For anyone who lives in a suburb, here’s a familiar sight: at least one member of a family no longer commuting to work but instead getting the kids off to school and then trolling the Internet for jobs.

A report released Thursday by the Brookings Institution finds this isn’t happening just in your neighborhood, but all around the United States in many of the top 100 metro areas.

Over the year ending in May, Brookings found that suburban areas have felt the effects of the recession just as much – if not more in some cases – than urban areas. Out of 100 metro areas, 75 saw their suburban unemployed population grow faster than those in the urban areas. The economic situation is even worse for the outer bedroom communities, known as the exurbs.

Exurbs hardest hit

“The exurbs have been hit the hardest among suburbs,” says Elizabeth Kneebone, senior research analyst at Brookings’s Metropolitan Policy Program in Washington.

Ms. Kneebone, coauthor of the report "Landscape of Recession," says it’s useful to understand who has been affected by the recession. “There are implications for policy,” she says.

For example, Kneebone’s research finds fewer people in the suburbs applying for the Supplemental Nutrition Assistance Program (SNAP, formerly known as the Food Stamp Program). “As the SNAP data shows, we may not be equipped to deal with the growing population trying to weather the recession in the suburbs,” she says. “We have to make sure people are adequately reached by these services.”

Not like the last recession

The spreading of the recession to the suburbs marks a departure from the last recession in 2001, when more of the economic damage was in the urban core. Back then, unemployment in the cities was 1.7 percentage points higher than in the suburbs. But in this recession, the difference between city and suburban unemployment rates is less than one percentage point.

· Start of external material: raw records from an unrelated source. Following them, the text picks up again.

Lemma descendant_trans a b c : D a b -> D b c -> D a c.
Proof.
rewrite /descendant; have [<- _ //|ab /= nab] := eqVneq a b.
have [<- _|bc /= nbc]:= eqVneq b c; first by rewrite nab orbT.
apply/orP; right; apply/negP => /(connect_avoid_through b) [rc|[rb _]].
  by rewrite rc in nbc.
by rewrite rb in nab.
Qed.

Hypothesis tree_tE : is_tree tE.

Lemma tree_sym : symmetric tE. Proof. by case: tree_tE => [[]]. Qed.
Lemma tree_irr x : ~~ tE x x. Proof. by case: tree_tE => [[]]. Qed.
Lemma tree_connect x y : connect tE x y. Proof. by case: tree_tE. Qed.

Lemma connect_avoid_sym c : connect_sym (avoid c).
Proof.
by apply: sym_connect_sym => x y; rewrite /avoid tree_sym; congr andb; rewrite andbC.
Qed.

Lemma connect_restrict_sym P : connect_sym (restrict P).
Proof.
by apply: sym_connect_sym => x y; rewrite /restrict tree_sym; congr andb; rewrite andbC.
Qed.

Lemma descendant_avoidE t x y : connect (avoid t) x y -> D t x = D t y.
Proof.
suff imp x' y' : connect (avoid t) x' y' -> D t x' -> D t y'.
  by move=> c; apply/idP/idP; apply: imp; rewrite // connect_avoid_sym.
move=> c; rewrite /descendant; have [//|ty /=] := eqVneq t y'.
have [tx|_ /=] := eqVneq t x'.
  by rewrite -tx in c; rewrite (connect_avoid_from c) eqxx in ty.
by apply: contra => ry; apply: connect_trans ry _; rewrite connect_avoid_sym.
Qed.

Lemma descendant_anti a b : D a b -> D b a -> a = b.
Proof.
rewrite /descendant; have [//|ab /= nab nba] := eqVneq a b.
have [ra|ra] := eqVneq r a; first by rewrite -ra connect0 in nba.
have [rb|rb] := eqVneq r b; first by rewrite -rb connect0 in nab.
(* Along a walk from r to a, whichever of a and b comes first is reached
   from r while avoiding the other one. *)
suff /andP [ra' _] : connect (avoid a) r a && connect (avoid b) r a.
  by have := connect_avoid_neq ra ra'; rewrite eqxx.
apply: (connect_ind (P := fun w => connect (avoid a) r w && connect (avoid b) r w))
  (tree_connect r a); first by rewrite !connect0.
move=> w z _ /andP [aw bw] wz.
have extend t : r != t -> z != t -> connect (avoid t) r w -> connect (avoid t) r z.
  move=> rt zt tw; have wt := connect_avoid_neq rt tw.
  by apply: connect_trans tw (connect1 _); rewrite /avoid wz zt wt.
have [za|za] := eqVneq z a; first by rewrite -za extend // in nba; rewrite za.
have [zb|zb] := eqVneq z b; first by rewrite -zb extend // in nab; rewrite zb eq_sym.
by rewrite !extend.
Qed.

Definition del_edge (a b : N) : rel N :=
  fun p q => tE p q && ((p, q) \notin [set (a, b); (b, a)]).

Lemma del_edge_sym a b : symmetric (del_edge a b).
Proof.
move=> p q; rewrite /del_edge tree_sym !inE !xpair_eqE; congr (_ && ~~ _).
by rewrite orbC andbC [(q == b) && _]andbC.
Qed.

(* Otherwise deleting the edge ab would leave a connected graph with fewer
   than 2 (#|N| - 1) darts. *)
Lemma tree_edge_bridge a b : tE a b -> ~~ connect (del_edge a b) a b.
Proof.
move=> ab; apply/negP => cab.
have a_b : a != b by apply: contraTneq ab => ->; exact: tree_irr.
have del_conn y : connect (del_edge a b) a y.
  apply: connect_sub (tree_connect a y) => p q pq.
  case delpq: (del_edge a b p q); first exact: connect1.
  move/negbT: delpq; rewrite {1}/del_edge pq negbK !inE !xpair_eqE.
  by case/orP => /andP [/eqP -> /eqP ->]; rewrite // (sym_connect_sym (del_edge_sym a b)).
have darts_del : [set q : N * N | del_edge a b q.1 q.2]
    = [set q : N * N | tE q.1 q.2] :\: [set (a, b); (b, a)].
  by apply/setP => -[p q]; rewrite !inE /del_edge /= !inE andbC.
have pair_sub : [set (a, b); (b, a)] \subset [set q : N * N | tE q.1 q.2].
  by apply/subsetP => q; rewrite !inE => /orP [] /eqP -> /=; rewrite // tree_sym.
have := card_darts_connected (del_edge_sym a b) del_conn.
have := subset_leq_card pair_sub.
rewrite darts_del cardsD (setIidPr pair_sub) cards2 xpair_eqE negb_and a_b /=.
(* [set] merges the two differently elaborated copies of #|N| for lia. *)
by case: tree_tE => _ _ ->; set n := #|N|; lia.
Qed.

Lemma tree_no_cycle a b x :
  tE a b -> connect (avoid b) a x -> connect (avoid a) b x -> False.
Proof.
move=> ab ax bx; apply: (negP (tree_edge_bridge ab)).
have avoid_del c : c \in [set a; b] -> subrel (avoid c) (connect (del_edge a b)).
  case/set2P => -> p q /and3P [pq pc qc]; apply: connect1;
  by rewrite /del_edge pq !inE !xpair_eqE (negbTE pc) (negbTE qc) ?andbF.
have [sa sb] := (connect_sub (avoid_del a (set21 a b)), connect_sub (avoid_del b (set22 a b))).
apply: connect_trans (sb _ _ ax) _.
by rewrite (sym_connect_sym (del_edge_sym a b)); exact: sa bx.
Qed.

Lemma descendant_edge y z : tE y z -> D y z || D z y.
Proof.
move=> yz; apply/contraT; rewrite negb_or /descendant !negb_or !negbK.
case/andP=> /andP [_ ryz] /andP [_ rzy].
by exfalso; apply: (tree_no_cycle (x := r) yz); rewrite connect_avoid_sym.
Qed.
(* Let $\mathcal{M}=\{(x,y,z):x^2+y^2=1\}$ be the cylinder, let $G'$ be a $(2,2)$-sparse graph on vertices $v_1,\dots,v_n$ such that $v_1,\dots,v_4$ induce a proper subgraph isomorphic to $K_4$, and let $p=(p_1,\dots,p_n)\in\mathcal{M}^n$. Let $p^k=(p_1,p_2^k,p_3^k,p_4^k,p_5,\dots,p_n)\in\mathcal{M}^n$, $k=1,2,\dots$, with $p_i^k\to p_1$ as $k\to\infty$ for $i=2,3,4$, and suppose that (i) for each $k$ the framework $(K_4,(p_1,p_2^k,p_3^k,p_4^k))$ has a $2$-dimensional space of infinitesimal flexes on $\mathcal{M}$, and (ii) for each $k$ the space of infinitesimal flexes of $(G',p^k)$ on $\mathcal{M}$ has dimension greater than $2$. Then, with $p^\infty=(p_1,p_1,p_1,p_1,p_5,\dots,p_n)$, there is an infinitesimal flex $u'$ of $(G',p^\infty)$ on $\mathcal{M}$ of unit Euclidean norm of the form $u'=(0,0,0,0,u_5,\dots,u_n)$.
   Context: A graph is $(2,2)$-sparse if every subgraph $H$ with at least one edge satisfies $|E(H)|\le 2|V(H)|-2$. For a graph with vertices $v_1,\dots,v_n$ and a (possibly degenerate, i.e. with coincident points) vector $q=(q_1,\dots,q_n)\in\mathcal{M}^n$, an infinitesimal flex of the framework $(G,q)$ on $\mathcal{M}$ is $u=(u_1,\dots,u_n)\in(\mathbb{R}^3)^n$ with each $u_i$ tangent to $\mathcal{M}$ at $q_i$ (i.e. $u_i\cdot N(q_i)=0$, where $N(q)=(2x,2y,0)$ at $q=(x,y,z)$) and $(u_i-u_j)\cdot(q_i-q_j)=0$ for every edge $v_iv_j$; equivalently $u$ lies in the kernel of the rigidity matrix $R_{\mathcal{M}}(G,q)$. *)

From HB Require Import structures.
From mathcomp Require Import all_boot all_order all_algebra.
From mathcomp Require Import all_classical all_reals all_analysis.
Set Implicit Arguments. Unset Strict Implicit. Unset Printing Implicit Defensive.
Import Order.TTheory GRing.Theory Num.Theory.
Local Open Scope ring_scope.

(* Points of R^3 are row vectors 'rV[R]_3; coordinates x,y,z = entries 0,1,2. *)

Definition dot3 (R : nzRingType) (a b : 'rV[R]_3) : R := \sum_(c < 3) a 0 c * b 0 c.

“It shows the negative impacts of the recession are affecting cities and suburbs alike,” says Kneebone.

Although every metro area is different, Kneebone says one reason that the recession stress is higher in the suburbs is because more lower-income people have moved there in recent years.

Some suburbs also have more links to the construction and real estate business. For example, in the Fort Myers-Cape Coral, Fla., area some 24 percent of jobs are related to real estate. The unemployment rate there is 12.4 percent.

Some suburbs worse off than cities

In some suburbs, the economic conditions may be even worse than the cities. That’s the case in Cincinnati. In May, the unemployment rate there was 8.8 percent, compared with 9.5 percent in the suburbs. And the rate of change was almost one full percentage point faster in the suburbs.

Kneebone says some of Cincinnati’s exurbs extending into Kentucky and Indiana are in even worse shape. The unemployment rate is as high as 11.5 percent in some counties. Despite the fact that the unemployment rate is high and rising at a faster pace than the city, however, the increase in the number of people applying for SNAP funds in the exurbs is about the same as the urban areas.

Frayed safety net

“We found that throughout the country, even though the exurbs are leading in terms of unemployment, they are lagging behind in their use of safety-net services.” Kneebone says.

There were no major surprises when they did the research, she says. In cities with bad economies, the suburbs also lagged. That’s true of such places as Detroit; Toledo, Ohio; Charlotte, N.C.; and Stockton, Calif. And in cities that are not suffering as much during the recession, their suburbs are also doing relatively well – places like Des Moines, Iowa; Omaha, Neb.; and Provo, Utah.

“Some of the hardest-hit communities are Sun Belt metros who felt the fallout of the housing-market collapse or regions dependent on the auto manufacturing industry,” she says. “Those that tended to do better had higher concentrations of jobs in more recession-proof industries, such as government or education.”